Janey O'Neil Buchan ( Kent; 30 April 1926 – 14 January 2012) was a Scottish Labour politician who was a Member of the European Parliament (MEP) for the Glasgow constituency from 1979 to 1994.

== Early life ==
Jane Kent was born in Glasgow, a city where her father Joseph was a tram driver, and her mother Chrissie Sinclair was a domestic servant. She left school at the age of 14, and worked as a typist. Both parents were members of the Communist Party, and she was a member of the Young Communist League in her early life; she left the Communist Party after the Hungarian Revolution of 1956 was crushed by the Soviet Union.

She attended commercial college and was a councillor on Strathclyde Regional Council from 1974 to 1979, when she was elected to the European Parliament in 1979 for the first time.

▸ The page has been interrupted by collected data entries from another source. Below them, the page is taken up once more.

(* In the setup of the context, for all $x,y,z\in B$: (a) $\gamma_{x,y,z}$ and $n_x$ do not depend on the choice of the balanced representations $\rho_\lambda$; more precisely, $\sum_\lambda f_\lambda^{-1}v^{3a_\lambda}\chi_\lambda(xyz)$ and $\sum_\lambda f_\lambda^{-1}v^{a_\lambda}\chi_\lambda(x^\ast)$ lie in $\mathcal{O}$ and $\gamma_{x,y,z}\equiv\sum_{\lambda\in\Lambda}f_\lambda^{-1}v^{3a_\lambda}\chi_\lambda(xyz)\pmod{\mathfrak m}$, $\ n_x\equiv\sum_{\lambda\in\Lambda}f_\lambda^{-1}v^{a_\lambda}\chi_\lambda(x^\ast)\pmod{\mathfrak m}$; (b) $\gamma_{x,y,z}=\gamma_{y,z,x}$; (c) $\sum_{z\in B}\gamma_{x^\ast,y,z}\,n_z=\delta_{xy}$; (d) $\gamma_{x,y,z}=\gamma_{y^\ast,x^\ast,z^\ast}$; (e) $n_x=n_{x^\ast}$.
   Context: Setup: $\Gamma$ totally ordered abelian group; $K$ field with surjective valuation $\nu:K\to\Gamma\cup\{\infty\}$, valuation ring $\mathcal{O}$, maximal ideal $\mathfrak m$, residue field $F=\mathcal{O}/\mathfrak m$ which is formally real. $H$ a finite-dimensional split semisimple symmetric $K$-algebra with trace form $\tau$, $\ast$ a $K$-linear involutive antiautomorphism, $B$ a $\ast$-symmetric basis ($B^\ast=B$, $\tau(bc^\ast)=\delta_{bc}$). Simple modules indexed by $\Lambda$, characters $\chi_\lambda$, Schur elements $c_\lambda$ ($\tau=\sum c_\lambda^{-1}\chi_\lambda$), $a_\lambda:=-\tfrac12\nu(c_\lambda)$, which lies in $\Gamma$. Fix a partial section: a group homomorphism $\Gamma_0:=\langle a_\lambda\mid\lambda\in\Lambda\rangle\to K^\times$, $\gamma\mapsto v^\gamma$, with $\nu(v^\gamma)=\gamma$; put $f_\lambda:=v^{2a_\lambda}c_\lambda\in\mathcal{O}^\times$ (viewed in $F$ via reduction when appropriate). An irreducible matrix representation $\rho:H\to K^{d\times d}$ of type $\lambda$ is balanced if $\nu(\rho(b))\ge-a_\lambda$ for all $b$ in every $\ast$-symmetric basis. For each $\lambda$ choose a balanced $\rho_\lambda:H\to K^{d_\lambda\times d_\lambda}$ of type $\lambda$ and put $c^\lambda(x):=v^{a_\lambda}\rho_\lambda(x)\bmod\mathfrak m\in F^{d_\lambda\times d_\lambda}$. Define $\gamma_{x,y,z}:=\sum_\lambda\sum_{\mathfrak s,\mathfrak t,\mathfrak u}f_\lambda^{-1}c^\lambda(x)_{\mathfrak{st}}c^\lambda(y)_{\mathfrak{tu}}c^\lambda(z)_{\mathfrak{us}}\in F$ and $n_x:=\sum_\lambda\sum_{\mathfrak s}f_\lambda^{-1}c^\lambda(x^\ast)_{\mathfrak{ss}}\in F$. *)

From HB Require Import structures.
From mathcomp Require Import all_boot all_order all_algebra all_field.

Set Implicit Arguments.
Unset Strict Implicit.
Unset Printing Implicit Defensive.

Import Order.TTheory GRing.Theory Num.Theory.
Local Open Scope ring_scope.

Definition ordered_group (G : porderZmodType) : Prop :=
  (forall x y : G, (x <= y) || (y <= x)) /\
  (forall x y z : G, x <= y -> x + z <= y + z).

(* Gamma u {oo} is modelled by option Gamma, with None = oo. *)
Definition vle (G : porderZmodType) (x y : option G) : bool :=
  match y with
  | None => true
  | Some b => match x with None => false | Some a => a <= b end
  end.

Definition vadd (G : porderZmodType) (x y : option G) : option G :=
  match x, y with Some a, Some b => Some (a + b) | _, _ => None end.

Definition vmin (G : porderZmodType) (x y : option G) : option G :=
  if vle x y then x else y.

Definition is_valuation (G : porderZmodType) (K : fieldType)
  (nu : K -> option G) : Prop :=
  [/\ forall x, nu x = None <-> x = 0,
      forall x y, nu (x * y) = vadd (nu x) (nu y),
      forall x y, vle (vmin (nu x) (nu y)) (nu (x + y)) &
      forall g, exists x, nu x = g].

Definition inO (G : porderZmodType) (K : fieldType) (nu : K -> option G)
  (x : K) : bool := vle (Some 0) (nu x).

Definition inm (G : porderZmodType) (K : fieldType) (nu : K -> option G)
  (x : K) : bool :=
  match nu x with None => true | Some g => 0 < g end.

(* red : K -> F restricted to O is the residue map O -> O/m = F, i.e. a
   surjective ring morphism O -> F with kernel m (values outside O are
   irrelevant). *)
Definition is_residue_map (G : porderZmodType) (K F : fieldType)
  (nu : K -> option G) (red : K -> F) : Prop :=
  [/\ red 1 = 1,
      forall x y, inO nu x -> inO nu y -> red (x + y) = red x + red y,
      forall x y, inO nu x -> inO nu y -> red (x * y) = red x * red y,
      forall x, inO nu x -> (red x == 0) = inm nu x &
      forall f, exists x, inO nu x /\ red x = f].

Definition formally_real (F : fieldType) : Prop :=
  forall s : seq F, \sum_(t <- s) t ^+ 2 != - 1.

Section Algebra.
Variables (K : fieldType) (H : falgType K).

Definition is_invol_antiaut (star : H -> H) : Prop :=
  [/\ forall (k : K) x y, star (k *: x + y) = k *: star x + star y,
      forall x y, star (x * y) = star y * star x &
      forall x, star (star x) = x].

Definition is_trace_form (tau : H -> K) : Prop :=
  [/\ forall (k : K) x y, tau (k *: x + y) = k * tau x + tau y,
      forall x y, tau (x * y) = tau (y * x) &
      forall x, (forall y, tau (x * y) = 0) -> x = 0].

Definition star_sym_basis (tau : H -> K) (star : H -> H) (B : seq H) : Prop :=
  [/\ basis_of fullv B,
      {in B, forall b, star b \in B} &
      {in B &, forall b c, tau (b * star c) = (b == c)%:R}].

Definition is_rep (n : nat) (rho : H -> 'M[K]_n) : Prop :=
  [/\ forall (k : K) x y, rho (k *: x + y) = k *: rho x + rho y,
      rho 1 = 1%:M &
      forall x y, rho (x * y) = rho x *m rho y].

(* H is split semisimple with simple modules indexed by L, realised by the
   irreducible representations rho0 l (Wedderburn: x |-> (rho0 l x)_l is an
   isomorphism H ~ prod_l K^{d_l x d_l}). *)
Definition split_semisimple (L : finType) (d : L -> nat)
  (rho0 : forall l, H -> 'M[K]_(d l)) : Prop :=
  [/\ forall l, (0 < d l)%N,
      forall l, is_rep (rho0 l),
      forall x y, (forall l, rho0 l x = rho0 l y) -> x = y &
      forall M : (forall l, 'M[K]_(d l)), exists x, forall l, rho0 l x = M l].

Definition chi (L : finType) (d : L -> nat)
  (rho0 : forall l, H -> 'M[K]_(d l)) (l : L) (x : H) : K :=
  \tr (rho0 l x).

Definition of_type (n : nat) (rho rho0 : H -> 'M[K]_n) : Prop :=
  is_rep rho /\
  exists P : 'M[K]_n, P \in unitmx /\ forall x, rho x = invmx P *m rho0 x *m P.

Definition balanced (G : porderZmodType) (nu : K -> option G)
  (tau : H -> K) (star : H -> H) (al : G) (n : nat) (rho : H -> 'M[K]_n)
  : Prop :=
  forall B', star_sym_basis tau star B' ->
  forall b, b \in B' -> forall i j, vle (Some (- al)) (nu (rho b i j)).

End Algebra.

Definition in_Gamma0 (G : porderZmodType) (L : finType) (a : L -> G)
  (g : G) : Prop :=
  exists k : L -> int, g = \sum_l a l *~ k l.

Definition partial_section (G : porderZmodType) (K : fieldType)
  (nu : K -> option G) (L : finType) (a : L -> G) (v : G -> K) : Prop :=
  (forall g h, in_Gamma0 a g -> in_Gamma0 a h -> v (g + h) = v g * v h) /\
  (forall g, in_Gamma0 a g -> v g != 0 /\ nu (v g) = Some g).

Section Structure.
Variables (G : porderZmodType) (K F : fieldType) (red : K -> F)
  (H : falgType K) (star : H -> H) (L : finType) (d : L -> nat)
  (c : L -> K) (a : L -> G) (v : G -> K)
  (rho : forall l, H -> 'M[K]_(d l)).

Definition fl (l : L) : K := v (a l *+ 2) * c l.

Definition cmat (l : L) (x : H) : 'M[F]_(d l) :=
  map_mx red (v (a l) *: rho l x).

Definition gammaF (x y z : H) : F :=
  \sum_l \sum_(s < d l) \sum_(t < d l) \sum_(u < d l)
    (red (fl l))^-1 * cmat l x s t * cmat l y t u * cmat l z u s.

As an MEP she sat on the European Parliament's Culture Committee as well as being involved in the Scottish Arts Council and Scottish Gas Consumers Council. She was Life President of the Scottish Minorities Group (later Scottish Homosexual Rights Group and subsequently Outright Scotland).

Her lifetime of activity encompassed many fields. She was an early and active campaigner against apartheid and for nuclear disarmament. She was a supporter of Scottish traditional music and arts, and booked Pete Seeger for his first concert abroad after his passport was reissued in 1961. She helped run the People's Festival in 1949–52 during the Edinburgh Festival; the events she worked on helped create the Edinburgh Festival Fringe. As a Glasgow city councillor, she organised the first charity Christmas card sales in the UK. As a member of the council's arts committee, she was instrumental in providing funding for the first films made by Bill Forsyth, who went on to direct major UK and Hollywood films including Local Hero.

==Personal life==
In 1946, at the age of 19 Jane Kent married Norman Buchan, a schoolteacher who later became Labour MP from 1964 for West Renfrewshire, and later Paisley South. He died in 1990. Janey Buchan died at a nursing home in Brighton, East Sussex, in 2012, aged 85 years. She was survived by her brother, Enoch Kent, her son Alasdair (a journalist), four grandchildren and three great-grandsons.

The papers of Norman and Janey Buchan were donated to Glasgow Caledonian University. In 2023 The Janey Buchan Political Song Collection was moved to the National Library of Scotland. Her parliamentary papers are also archived. In 2019, she was one of the candidates for "Greatest Glaswegian" in the Glasgow Times.